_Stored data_
___

Lemma greedy_step_support n m (p : 'I_n -> nat) (a a' : {ffun 'I_n -> option 'I_m})
    (B : {set 'I_n}) (pu : option 'I_n) :
  greedy_step p a a' B pu -> forall l, a' l != None -> a l != None \/ l \in B.
Proof.
move=> [LJ [LM [pJ _ _ _ ->]]] l; rewrite ffunE.
case: ifP => [/mem_take lJ _|_]; [right | by left].
rewrite -mem_enum -(perm_mem pJ); move: lJ.
by case: pu => [u|] //; case: (a u) => [M'|] // /mem_rem.
Qed.

Definition drop_machine m (M' : 'I_m) (LM : seq 'I_m) : seq 'I_m :=
  if M' \in LM then rem M' LM else take (size LM).-1 LM.

Lemma balanced_assign_drop n m (p : 'I_n -> nat) (P : nat)
    (a a' : {ffun 'I_n -> option 'I_m}) (LJ : seq 'I_n) (LM : seq 'I_m)
    (u : 'I_n) (M' : 'I_m) :
  (forall l, (p l <= P)%N) ->
  uniq LJ -> sorted (fun x y => p y <= p x)%N LJ ->
  uniq LM -> sorted (fun i j => load p a i <= load p a j)%N LM ->
  size LM = size LJ ->
  (forall l, l \in rem u LJ -> a l = None) ->
  (forall k k', k \in LM -> k' \notin LM -> (load p a k <= load p a k')%N) ->
  a' = [ffun l => if l \in take (size (drop_machine M' LM)) (rem u LJ)
                  then nth None (map Some (drop_machine M' LM)) (index l (rem u LJ))
                  else a l] ->
  balanced P (load p a) -> balanced P (load p a').
Proof.
move=> pP uJ sJ uM sM szM fresh minM.
have sJ' : sorted (fun x y => p y <= p x)%N (rem u LJ).
  by apply: (subseq_sorted _ (rem_subseq u LJ) sJ) => x y z h1 h2; exact: leq_trans h2 h1.
have szJ' : ((size LJ).-1 <= size (rem u LJ))%N.
  by case: (boolP (u \in LJ)) => uL; [rewrite size_rem | rewrite rem_id // leq_pred].
rewrite /drop_machine; case: ifP => M'L.
  apply: (balanced_assign pP (rem_uniq u uJ) sJ' (rem_uniq _ uM) _ _ fresh).
  - by apply: (subseq_sorted _ (rem_subseq M' LM) sM) => ? ? ?; exact: leq_trans.
  - by rewrite size_rem // szM.
  - move=> k k' kM k'M ne; apply: minM; first exact: mem_rem kM.
    apply: contra k'M => k'L; rewrite (mem_rem_uniq _ uM) inE k'L andbT.
    by apply: contra ne => /eqP ->.
apply: (balanced_assign (skipped := Some (nth M' LM (size LM).-1)) pP
  (rem_uniq u uJ) sJ' (take_uniq _ uM) _ _ fresh).
- by apply: (subseq_sorted _ (take_subseq LM _) sM) => ? ? ?; exact: leq_trans.
- by rewrite size_take_min szM geq_min szJ'.
- move=> k k' kM k'M ne; apply: minM; first exact: mem_take kM.
  apply/negP => k'L; move: k'M; rewrite in_take // -leqNgt => le.
  have ilt : (index k' LM < size LM)%N by rewrite index_mem.
  have e : index k' LM = (size LM).-1 by move: le ilt; clear; case: (size LM) => //= s; lia.
  by move: ne; rewrite -e nth_index // eqxx.
Qed.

___

_Your task_
Repeat exactly, please, each line from the beginning of the data through the line with "case: ifP => [/mem_take" in it, and only those lines.

_Your response_
Lemma greedy_step_support n m (p : 'I_n -> nat) (a a' : {ffun 'I_n -> option 'I_m})
    (B : {set 'I_n}) (pu : option 'I_n) :
  greedy_step p a a' B pu -> forall l, a' l != None -> a l != None \/ l \in B.
Proof.
move=> [LJ [LM [pJ _ _ _ ->]]] l; rewrite ffunE.
case: ifP => [/mem_take lJ _|_]; [right | by left].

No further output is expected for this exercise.